D1 Oils put its hands up to out-of-pocket investors in jatropha, admitting that the once-lauded oilseed had been a "disappointment", as the group unveiled – yet another – strategy shift.
Steven Rudofsky, the D1 Oils chairman, acknowledged that the oilseed, which a decade ago was raised as an abundant source of biofuels for its ability to grow on poor soils, "has been a disappointment to the investment community".
The comments tally with broader thinking on jatropha, after a succession of setbacks for the crop's champions, including D1 Oils, whose shares have plunged from a 2005 high of 565p to stand on Thursday at 1.8p.
Of the five listed jatropha-focused businesses, only one, Sydney-listed Jatoil, has raised its market capitalisation from flotation, broker Hardman & Co has revealed, in a report named "Plant with a bad name".
"It has taken only 10 years for Jatropha to progress from being a wonder plant to having a thoroughly bad name with investors," Hardman analyst Doug Hawkins said.

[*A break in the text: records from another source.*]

(* On bipartite graphs, each of GVC, GVC1 and GVC2 is equivalent to the bipartite unconstrained 0-1 quadratic programming problem BQP01: every instance of one can be formulated as an instance of the other such that an optimal solution of the new instance yields an optimal solution of the original (identifying $U_1\subseteq V_1$, $U_2\subseteq V_2$ with incidence vectors $x\in\{0,1\}^m$, $y\in\{0,1\}^n$).
   Context: Let $G=(V_1,V_2,E)$ be a bipartite graph with $V_1=\{1,\dots,m\}$, $V_2=\{1,\dots,n\}$ and every edge $(i,j)$ having $i\in V_1$, $j\in V_2$. Vertices $i\in V_1$ have weights $c_i$, vertices $j\in V_2$ have weights $d_j$, and each edge has real weights $q^0_{ij},q^1_{ij},q^2_{ij}$. For $U_1\subseteq V_1$, $U_2\subseteq V_2$ let $E_0(U_1,U_2)=\{(i,j)\in E: i\notin U_1, j\notin U_2\}$, $E_1(U_1,U_2)$ the edges with exactly one of $i\in U_1$, $j\in U_2$, and $E_2(U_1,U_2)=\{(i,j)\in E: i\in U_1,j\in U_2\}$. GVC on $G$ minimizes $\sum_{i\in U_1}c_i+\sum_{j\in U_2}d_j+\sum_{E_0}q^0_{ij}+\sum_{E_1}q^1_{ij}+\sum_{E_2}q^2_{ij}$ over $U_1\subseteq V_1,U_2\subseteq V_2$; GVC1 is the special case $q^1\equiv q^2\equiv 0$; GVC2 is the special case $q^0\equiv q^1\equiv 0$. BQP01: given a real $m\times n$ matrix $Q=(q_{ij})$, $a\in\mathbb{R}^m$, $b\in\mathbb{R}^n$, minimize $\sum_i a_ix_i+\sum_j b_jy_j+\sum_{i,j}q_{ij}x_iy_j$ over $x\in\{0,1\}^m$, $y\in\{0,1\}^n$. Two problems are equivalent if each can be formulated as the other so that an optimal solution of the formulated instance gives an optimal solution of the original. *)

From mathcomp Require Import all_boot all_order all_algebra.
Set Implicit Arguments. Unset Strict Implicit. Unset Printing Implicit Defensive.
Import Order.TTheory GRing.Theory Num.Theory.
Local Open Scope ring_scope.

(* Bipartite graph G = (V1, V2, E): V1 = 'I_m, V2 = 'I_n (i.e. {1..m}, {1..n}
   shifted to {0..m-1}, {0..n-1}), and E a set of pairs (i,j), i in V1, j in V2. *)

Section Defs.
Variables (R : realFieldType) (m n : nat).

Definition gvc_obj (E : {set 'I_m * 'I_n}) (c : 'I_m -> R) (d : 'I_n -> R)
  (q0 q1 q2 : 'I_m -> 'I_n -> R) (U1 : {set 'I_m}) (U2 : {set 'I_n}) : R :=
  \sum_(i in U1) c i + \sum_(j in U2) d j
  + \sum_(e in E | (e.1 \notin U1) && (e.2 \notin U2)) q0 e.1 e.2
  + \sum_(e in E | (e.1 \in U1) (+) (e.2 \in U2)) q1 e.1 e.2
  + \sum_(e in E | (e.1 \in U1) && (e.2 \in U2)) q2 e.1 e.2.

Definition gvc_opt E c d q0 q1 q2 (U1 : {set 'I_m}) (U2 : {set 'I_n}) : Prop :=
  forall (V1 : {set 'I_m}) (V2 : {set 'I_n}),
    gvc_obj E c d q0 q1 q2 U1 U2 <= gvc_obj E c d q0 q1 q2 V1 V2.

Definition bqp_obj (Q : 'M[R]_(m, n)) (a : 'I_m -> R) (b : 'I_n -> R)
  (x : 'I_m -> bool) (y : 'I_n -> bool) : R :=
  \sum_i a i * (x i)%:R + \sum_j b j * (y j)%:R
  + \sum_i \sum_j Q i j * (x i)%:R * (y j)%:R.

Definition bqp_opt Q a b (x : 'I_m -> bool) (y : 'I_n -> bool) : Prop :=
  forall (x' : 'I_m -> bool) (y' : 'I_n -> bool),
    bqp_obj Q a b x y <= bqp_obj Q a b x' y'.

End Defs.

Definition incid (k : nat) (U : {set 'I_k}) : 'I_k -> bool := fun i => i \in U.

Variant gvc_kind := GVC | GVC1 | GVC2.

Definition in_class (R : realFieldType) (m n : nat) (k : gvc_kind)
  (q0 q1 q2 : 'I_m -> 'I_n -> R) : Prop :=
  match k with
  | GVC => True
  | GVC1 => forall i j, q1 i j = 0 /\ q2 i j = 0
  | GVC2 => forall i j, q0 i j = 0 /\ q1 i j = 0
  end.

Definition gvc_formulated_as_bqp (R : realFieldType) (k : gvc_kind) : Prop :=
  forall (m n : nat) (E : {set 'I_m * 'I_n}) (c : 'I_m -> R) (d : 'I_n -> R)
         (q0 q1 q2 : 'I_m -> 'I_n -> R),
  in_class k q0 q1 q2 ->
  exists (Q : 'M[R]_(m, n)) (a : 'I_m -> R) (b : 'I_n -> R) (K : R),
    (forall U1 U2, bqp_obj Q a b (incid U1) (incid U2)
                   = gvc_obj E c d q0 q1 q2 U1 U2 + K) /\
    (forall U1 U2, bqp_opt Q a b (incid U1) (incid U2) ->
                   gvc_opt E c d q0 q1 q2 U1 U2).

Definition bqp_formulated_as_gvc (R : realFieldType) (k : gvc_kind) : Prop :=
  forall (m n : nat) (Q : 'M[R]_(m, n)) (a : 'I_m -> R) (b : 'I_n -> R),
  exists (E : {set 'I_m * 'I_n}) (c : 'I_m -> R) (d : 'I_n -> R)
         (q0 q1 q2 : 'I_m -> 'I_n -> R) (K : R),
    in_class k q0 q1 q2 /\
    (forall U1 U2, gvc_obj E c d q0 q1 q2 U1 U2
                   = bqp_obj Q a b (incid U1) (incid U2) + K) /\
    (forall U1 U2, gvc_opt E c d q0 q1 q2 U1 U2 ->
                   bqp_opt Q a b (incid U1) (incid U2)).

Definition equivalent_to_bqp (R : realFieldType) (k : gvc_kind) : Prop :=
  gvc_formulated_as_bqp R k /\ bqp_formulated_as_gvc R k.

From mathcomp Require Import all_boot all_order all_algebra ring lra.
Set Implicit Arguments. Unset Strict Implicit. Unset Printing Implicit Defensive.
Import Order.TTheory GRing.Theory Num.Theory.
Local Open Scope ring_scope.

(** On an edge with endpoint indicators x, y the GVC cost is
    q0 + (q1 - q0)(x + y) + (q0 - 2 q1 + q2) x y, so, after extending E to the
    complete bipartite graph with zero weights, the GVC objective is a BQP01
    objective plus a constant.  Conversely, a BQP01 instance is the GVC2 instance
    with q2 = Q, and, since x y = (1 - x)(1 - y) - 1 + x + y, the GVC1 instance
    with q0 = Q once the row and column sums of Q are moved into the vertex
    weights. *)

Section Reformulation.
Variables (R : realFieldType) (m n : nat).
Implicit Types (E : {set 'I_m * 'I_n}) (c a : 'I_m -> R) (d b : 'I_n -> R).
Implicit Types (q : 'I_m -> 'I_n -> R) (Q : 'M[R]_(m, n)).
Local Notation weights := ('I_m -> 'I_n -> R).

Definition edge_cost (w0 w1 w2 : R) (x y : bool) : R :=
  match x, y with
  | false, false => w0
  | true, true => w2
  | _, _ => w1
  end.

Lemma edge_costE w0 w1 w2 (x y : bool) :
  edge_cost w0 w1 w2 x y
  = w0 + (w1 - w0) * x%:R + (w1 - w0) * y%:R + (w0 - 2 * w1 + w2) * x%:R * y%:R.
Proof. by case: x; case: y => /=; ring. Qed.

Lemma gvc_objE E c d (q0 q1 q2 : weights) (U1 : {set 'I_m}) (U2 : {set 'I_n}) :
  gvc_obj E c d q0 q1 q2 U1 U2 =
  \sum_(i in U1) c i + \sum_(j in U2) d j
  + \sum_(e in E)
      edge_cost (q0 e.1 e.2) (q1 e.1 e.2) (q2 e.1 e.2) (e.1 \in U1) (e.2 \in U2).
Proof.
rewrite /gvc_obj -!addrA; congr (_ + (_ + _)).
rewrite !big_mkcondr -!big_split /=; apply: eq_bigr => e _.
by case: (e.1 \in U1); case: (e.2 \in U2); rewrite /= ?addr0 ?add0r.
Qed.

Definition restrict E q : 'I_m -> 'I_n -> R :=
  fun i j => if (i, j) \in E then q i j else 0.

Lemma gvc_obj_restrict E c d (q0 q1 q2 : weights)
    (U1 : {set 'I_m}) (U2 : {set 'I_n}) :
  gvc_obj E c d q0 q1 q2 U1 U2
  = gvc_obj [set: 'I_m * 'I_n] c d
      (restrict E q0) (restrict E q1) (restrict E q2) U1 U2.
Proof.
rewrite !gvc_objE; congr (_ + _).
rewrite big_mkcond [RHS](eq_bigl xpredT) => [|e]; last by rewrite in_setT.
apply: eq_bigr => -[i j] _; rewrite /restrict /=.
by case: ((i, j) \in E) => //; case: (i \in U1); case: (j \in U2).
Qed.

Lemma sum_incid k (F : 'I_k -> R) (U : {set 'I_k}) :
  \sum_i F i * (incid U i)%:R = \sum_(i in U) F i.
Proof.
rewrite [RHS]big_mkcond; apply: eq_bigr => i _.
by rewrite /incid; case: (i \in U); rewrite ?mulr1 ?mulr0.
Qed.

Lemma gvc_obj_complete_as_bqp c d (q0 q1 q2 : weights) Q a b
    (U1 : {set 'I_m}) (U2 : {set 'I_n}) :
  (forall i j, Q i j = q0 i j - 2 * q1 i j + q2 i j) ->
  (forall i, a i = c i + \sum_j (q1 i j - q0 i j)) ->
  (forall j, b j = d j + \sum_i (q1 i j - q0 i j)) ->
  gvc_obj [set: 'I_m * 'I_n] c d q0 q1 q2 U1 U2
  = bqp_obj Q a b (incid U1) (incid U2) + \sum_i \sum_j q0 i j.
Proof.
move=> hQ ha hb.
have edges : \sum_(e in [set: 'I_m * 'I_n])
    edge_cost (q0 e.1 e.2) (q1 e.1 e.2) (q2 e.1 e.2) (e.1 \in U1) (e.2 \in U2)
  = \sum_i \sum_j q0 i j
    + \sum_i (\sum_j (q1 i j - q0 i j)) * (incid U1 i)%:R
    + \sum_j (\sum_i (q1 i j - q0 i j)) * (incid U2 j)%:R
    + \sum_i \sum_j Q i j * (incid U1 i)%:R * (incid U2 j)%:R.
  rewrite (eq_bigl xpredT) => [|e]; last by rewrite in_setT.
  rewrite -(pair_bigA _ (fun i j =>
    edge_cost (q0 i j) (q1 i j) (q2 i j) (i \in U1) (j \in U2))) /=.
  under [X in _ + X + _ + _]eq_bigr do rewrite mulr_suml.
  under [X in _ + _ + X + _]eq_bigr do rewrite mulr_suml.
  rewrite [X in _ + _ + X + _]exchange_big -!big_split /=; apply: eq_bigr => i _.
  rewrite -!big_split /=; apply: eq_bigr => j _.
  by rewrite edge_costE hQ.
rewrite gvc_objE edges /bqp_obj.
under [\sum_i a i * _]eq_bigr do rewrite ha mulrDl.
under [\sum_j b j * _]eq_bigr do rewrite hb mulrDl.
rewrite !big_split /= !sum_incid; lra.
Qed.

Lemma eq_bqp_obj Q a b (x x' : 'I_m -> bool) (y y' : 'I_n -> bool) :
  x =1 x' -> y =1 y' -> bqp_obj Q a b x y = bqp_obj Q a b x' y'.
Proof.
move=> ex ey; rewrite /bqp_obj.
by congr (_ + _ + _); do 2?[apply: eq_bigr => ? _]; rewrite ?ex ?ey.
Qed.

Lemma incid_set k (x : 'I_k -> bool) : incid [set i | x i] =1 x.
Proof. by move=> i; rewrite /incid inE. Qed.

Lemma gvc_opt_of_bqp_opt E c d (q0 q1 q2 : weights) Q a b (K : R) :
  (forall U1 U2,
     bqp_obj Q a b (incid U1) (incid U2) = gvc_obj E c d q0 q1 q2 U1 U2 + K) ->
  forall U1 U2, bqp_opt Q a b (incid U1) (incid U2) -> gvc_opt E c d q0 q1 q2 U1 U2.
Proof.
by move=> hK U1 U2 opt V1 V2; have := opt (incid V1) (incid V2); rewrite !hK lerD2r.
Qed.

Lemma bqp_opt_of_gvc_opt E c d (q0 q1 q2 : weights) Q a b (K : R) :
  (forall U1 U2,
     gvc_obj E c d q0 q1 q2 U1 U2 = bqp_obj Q a b (incid U1) (incid U2) + K) ->
  forall U1 U2, gvc_opt E c d q0 q1 q2 U1 U2 -> bqp_opt Q a b (incid U1) (incid U2).
Proof.
move=> hK U1 U2 opt x y; have := opt [set i | x i] [set j | y j].
by rewrite !hK lerD2r (eq_bqp_obj _ _ _ (incid_set x) (incid_set y)).
Qed.

End Reformulation.

Lemma every_gvc_formulated_as_bqp (R : realFieldType) k : gvc_formulated_as_bqp R k.
Proof.
move=> m n E c d q0 q1 q2 _.
pose p0 := restrict E q0; pose p1 := restrict E q1; pose p2 := restrict E q2.
pose Q := \matrix_(i, j) (p0 i j - 2 * p1 i j + p2 i j) : 'M[R]_(m, n).
pose a i := c i + \sum_j (p1 i j - p0 i j).
pose b j := d j + \sum_i (p1 i j - p0 i j).
have hK U1 U2 : bqp_obj Q a b (incid U1) (incid U2)
    = gvc_obj E c d q0 q1 q2 U1 U2 - \sum_i \sum_j p0 i j.
  rewrite gvc_obj_restrict (gvc_obj_complete_as_bqp (Q := Q) (a := a) (b := b)).
  - by rewrite addrK.
  - by move=> i j; rewrite mxE.
  - by [].
  - by [].
exists Q, a, b, (- \sum_i \sum_j p0 i j); split=> //.
exact: gvc_opt_of_bqp_opt hK.
Qed.

Lemma bqp_formulated_as_gvc2 (R : realFieldType) : bqp_formulated_as_gvc R GVC2.
Proof.
move=> m n Q a b.
pose z : 'I_m -> 'I_n -> R := fun _ _ => 0.
have hK U1 U2 : gvc_obj [set: 'I_m * 'I_n] a b z z Q U1 U2
    = bqp_obj Q a b (incid U1) (incid U2) + \sum_i \sum_j z i j.
  apply: gvc_obj_complete_as_bqp => [i j|i|j]; rewrite /z.
  - by rewrite mulr0 subr0 add0r.
  - by rewrite big1 ?addr0 // => j _; rewrite subrr.
  - by rewrite big1 ?addr0 // => i _; rewrite subrr.
exists [set: 'I_m * 'I_n], a, b, z, z, Q, (\sum_i \sum_j z i j).
by split; [|split; [|exact: bqp_opt_of_gvc_opt hK]].
Qed.

Lemma bqp_formulated_as_gvc1 (R : realFieldType) : bqp_formulated_as_gvc R GVC1.
Proof.
move=> m n Q a b.
pose z : 'I_m -> 'I_n -> R := fun _ _ => 0.
pose c i := a i + \sum_j Q i j.
pose d j := b j + \sum_i Q i j.
have hK U1 U2 : gvc_obj [set: 'I_m * 'I_n] c d Q z z U1 U2
    = bqp_obj Q a b (incid U1) (incid U2) + \sum_i \sum_j Q i j.
  apply: gvc_obj_complete_as_bqp => [i j|i|j]; rewrite /z /c /d.
  - by rewrite mulr0 subr0 addr0.
  - by rewrite -addrA -big_split big1 ?addr0 // => j _ /=; rewrite sub0r addrN.
  - by rewrite -addrA -big_split big1 ?addr0 // => i _ /=; rewrite sub0r addrN.
exists [set: 'I_m * 'I_n], c, d, Q, z, z, (\sum_i \sum_j Q i j).
by split; [|split; [|exact: bqp_opt_of_gvc_opt hK]].
Qed.

Theorem theorem4 (R : realFieldType) :
  equivalent_to_bqp R GVC /\ equivalent_to_bqp R GVC1 /\ equivalent_to_bqp R GVC2.
Proof.
have bqp_as_gvc : bqp_formulated_as_gvc R GVC.
  move=> m n Q a b.
  have [E [c [d [q0 [q1 [q2 [K [_ h]]]]]]]] := bqp_formulated_as_gvc2 Q a b.
  by exists E, c, d, q0, q1, q2, K.
do !split; try exact: every_gvc_formulated_as_bqp.
- exact: bqp_as_gvc.
- exact: bqp_formulated_as_gvc1.
- exact: bqp_formulated_as_gvc2.
Qed.
(* Let $(A^{\mathbb{Z}},T)$ be the Pacman cellular automaton and let $w\in A^{+}$ be a nonempty finite word. For each integer $i\geq 0$ define $$x^{i}= {}^{\infty}\mathtt{0}\,.\,w\,\mathtt{1}\,\mathtt{0}^{i}\,\mathtt{K}\,\mathtt{0}^{\infty},$$ that is, $x^i$ has the word $w$ starting at coordinate $0$, followed immediately by the symbol $\mathtt{1}$, then $i$ copies of $\mathtt{0}$, then the symbol $\mathtt{K}$, and all other coordinates equal to $\mathtt{0}$. Then there exist integers $N,M\geq 0$ such that for every integer $j\geq 0$, $$(T^{N+j}x^{M+j})_{0}\in\{\mathtt{G},\mathtt{K},\mathtt{D}\}.$$
   Context: Let $A=\{\mathtt{0},\mathtt{1},\mathtt{G},\mathtt{K},\mathtt{P},\mathtt{D}\}$ (intended meanings: $\mathtt{0}$ empty space, $\mathtt{1}$ empty door, $\mathtt{G}$ ghost, $\mathtt{K}$ keymaster ghost, $\mathtt{P}$ pacman, $\mathtt{D}$ door with ghost). $A^{+}$ denotes the set of nonempty finite words over $A$. The Pacman CA is the map $T:A^{\mathbb{Z}}\to A^{\mathbb{Z}}$ defined coordinatewise as follows, writing $a=x_{i-1}$, $b=x_i$, $c=x_{i+1}$: - $(Tx)_i=\mathtt{0}$ if $\big(a\in\{\mathtt{0},\mathtt{G},\mathtt{K}\}\wedge[(b\in\{\mathtt{0},\mathtt{G},\mathtt{K}\}\wedge c\in\{\mathtt{0},\mathtt{1},\mathtt{P}\})\vee(b=\mathtt{P}\wedge c\notin\{\mathtt{1},\mathtt{D}\})]\big)\vee\big(a\in\{\mathtt{1},\mathtt{D}\}\wedge[(b\in\{\mathtt{0},\mathtt{K}\}\wedge c\in\{\mathtt{0},\mathtt{1},\mathtt{P}\})\vee(b=\mathtt{P}\wedge c\notin\{\mathtt{1},\mathtt{D}\})]\big)$; - $(Tx)_i=\mathtt{1}$ if $b\in\{\mathtt{1},\mathtt{D}\}\wedge c\notin\{\mathtt{K},\mathtt{D}\}$; - $(Tx)_i=\mathtt{G}$ if $(a\in\{\mathtt{0},\mathtt{G},\mathtt{K}\}\wedge b\in\{\mathtt{0},\mathtt{G},\mathtt{K}\}\wedge c\in\{\mathtt{G},\mathtt{D}\})\vee(a\in\{\mathtt{1},\mathtt{D}\}\wedge b\in\{\mathtt{0},\mathtt{K}\}\wedge c=\mathtt{D})$; - $(Tx)_i=\mathtt{K}$ if $\big(c=\mathtt{K}\wedge[(a\in\{\mathtt{0},\mathtt{G},\mathtt{K}\}\wedge b\in\{\mathtt{0},\mathtt{G},\mathtt{K}\})\vee(a\in\{\mathtt{1},\mathtt{D}\}\wedge b\in\{\mathtt{0},\mathtt{K}\})]\big)\vee(a=\mathtt{P}\wedge b\notin\{\mathtt{1},\mathtt{D}\}\wedge c\in\{\mathtt{1},\mathtt{D}\})\vee(b=\mathtt{P}\wedge c\in\{\mathtt{1},\mathtt{D}\})$; - $(Tx)_i=\mathtt{P}$ if $\big(a=\mathtt{1}\wedge[(b\in\{\mathtt{0},\mathtt{K}\}\wedge c=\mathtt{G})\vee b=\mathtt{G}]\big)\vee(a=\mathtt{P}\wedge b\notin\{\mathtt{1},\mathtt{D}\}\wedge c\notin\{\mathtt{1},\mathtt{D}\})$; - $(Tx)_i=\mathtt{D}$ if $b\in\{\mathtt{1},\mathtt{D}\}\wedge c\in\{\mathtt{K},\mathtt{D}\}$. Notation ${}^{\infty}\mathtt{0}\,.\,u\,\mathtt{0}^{\infty}$ means the point whose coordinates $0,1,\dots,|u|-1$ spell the word $u$ and all other coordinates are $\mathtt{0}$; the dot marks coordinate $0$. *)

From Stdlib Require Import ZArith List.
Import ListNotations.
Open Scope Z_scope.
Open Scope bool_scope.

Inductive sym : Type := S0 | S1 | SG | SK | SP | SD.

Definition sym_eqb (x y : sym) : bool :=
  match x, y with
  | S0, S0 | S1, S1 | SG, SG | SK, SK | SP, SP | SD, SD => true
  | _, _ => false
  end.

Definition memb (x : sym) (l : list sym) : bool := existsb (sym_eqb x) l.

Definition config := Z -> sym.

(* The six clauses are pairwise disjoint; they leave the 8 triples
   (D,G,_) and (D,{0,K},G) uncovered, for which we return P. *)
Definition local_rule (a b c : sym) : sym :=
  if (memb a [S0;SG;SK] && ((memb b [S0;SG;SK] && memb c [S0;S1;SP])
                             || (sym_eqb b SP && negb (memb c [S1;SD]))))
     || (memb a [S1;SD] && ((memb b [S0;SK] && memb c [S0;S1;SP])
                             || (sym_eqb b SP && negb (memb c [S1;SD]))))
  then S0
  else if memb b [S1;SD] && negb (memb c [SK;SD]) then S1
  else if (memb a [S0;SG;SK] && memb b [S0;SG;SK] && memb c [SG;SD])
          || (memb a [S1;SD] && memb b [S0;SK] && sym_eqb c SD)
  then SG
  else if (sym_eqb c SK && ((memb a [S0;SG;SK] && memb b [S0;SG;SK])
                            || (memb a [S1;SD] && memb b [S0;SK])))
          || (sym_eqb a SP && negb (memb b [S1;SD]) && memb c [S1;SD])
          || (sym_eqb b SP && memb c [S1;SD])
  then SK
  else if (sym_eqb a S1 && ((memb b [S0;SK] && sym_eqb c SG) || sym_eqb b SG))
          || (sym_eqb a SP && negb (memb b [S1;SD]) && negb (memb c [S1;SD]))
  then SP
  else if memb b [S1;SD] && memb c [SK;SD] then SD
  else SP .

Definition pacman (x : config) : config :=
  fun i => local_rule (x (i - 1)) (x i) (x (i + 1)).

Definition pacman_iter (n : nat) (x : config) : config := Nat.iter n pacman x.
Lemma ex_derive_x (t : R) : 0 < t -> ex_derive x t.
Proof. intros Ht. eexists. apply is_derive_x, Ht. Qed.

Lemma ex_derive_y (t : R) : 0 < t -> ex_derive y t.
Proof. intros Ht. eexists. apply is_derive_y, Ht. Qed.

Lemma x_pos (t : R) : 0 < t -> 0 < x t.
Proof.
  apply (growth_pos x rate_x Hx0 (proj1 Hsol) is_derive_x).
  intros u Hu. unfold rate_x.
  apply (ex_derive_continuous (K := R_AbsRing) (V := R_NormedModule)).
  auto_derive. repeat split; auto using ex_derive_x, ex_derive_y.
Qed.

Lemma y_pos (t : R) : 0 < t -> 0 < y t.
Proof.
  apply (growth_pos y rate_y Hy0 (proj1 (proj2 Hsol)) is_derive_y).
  intros u Hu. unfold rate_y.
  apply (ex_derive_continuous (K := R_AbsRing) (V := R_NormedModule)).
  auto_derive. pose proof (x_pos u Hu).
  repeat split; auto using ex_derive_x, ex_derive_y. nra.
Qed.

Lemma limsup_x : limsup_le x 1.
Proof.
  intros eps Heps.
  apply (eventually_le_of_growth_le x rate_x 0 (1 + eps) (b * eps)); try lra.
  - nra.
  - exact x_pos.
  - exact is_derive_x.
  - intros t Ht Hx. unfold rate_x.
    assert (0 <= b * c * y t) by (pose proof (y_pos t Ht); apply Rmult_le_pos; nra).
    nra.
Qed.

Lemma limsup_y : limsup_le y 1.
Proof.
  intros eps Heps.
  apply (eventually_le_of_growth_le y rate_y 0 (1 + eps) eps); try lra.
  - exact y_pos.
  - exact is_derive_y.
  - intros t Ht Hy. unfold rate_y. pose proof (x_pos t Ht). pose proof (y_pos t Ht).
    assert (1 / (1 + k * x t) <= 1) by (apply Rle_div_l; nra).
    assert (0 <= a * x t) by nra.
    assert (0 <= m * x t * y t) by (apply Rmult_le_pos; nra).
    lra.
Qed.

"More-often damned by association with overly ambitious biodiesel projects, the crop's reputation has been compromised also by incompetent farming."
Another change of tack
However, Mr Hawkins held out hope that jatropha could yet become an "important" biofuels crop, a theme echoed on Thursday by Mr Rudofsky.
"The jatropha paradigm is beginning to realise its potential albeit more slowly than initially thought," Mr Rudofsky said.
"Plantings made in the middle of the 2000s are finally reaching maturity, and we expect a trajectory of solid growth in revenues in the coming years."
However, D1 revealed that its own plans for exploiting the plant would no longer come from developing jatropha meal as a livestock feed, nor on operations in Indonesia, Malawi or Zambia, with the group paring back to its Indian operations.
"The board has determined to focus the group's operations in India, where there is strong demand for biofuel, and to commit an increasing proportion of its working capital to the country,"
"This will enable the group to consolidate grain storage and processing."
Change at the helm
The changes are the latest in a long list for D1, which sold a Liverpool refinery, seen a joint venture with BP collapse, witnessed a series of tie-up talks fail, and pulled back from consultancy and plant development.
However, they represent the first unveiled since Mr Rudofsky three months ago became executive chairman, in a move which saw Martin Jarvis switched from chief executive to chief operating officer.
The group's new board - which also includes Nicholas Myerson, son of activist investor Bryan Myerson who failed in a bid to buy D1 last year – "is enthusiastic and optimistic about the outlook", Mr Rudofsky said.
"This spirit is based upon the new skill sets which have been added to an experienced team in the field, primarily in India."
The comments came as D1 unveiled a 43% narrowing to £1.77m in losses for the first six months of the year, on revenues doubled at £202,400.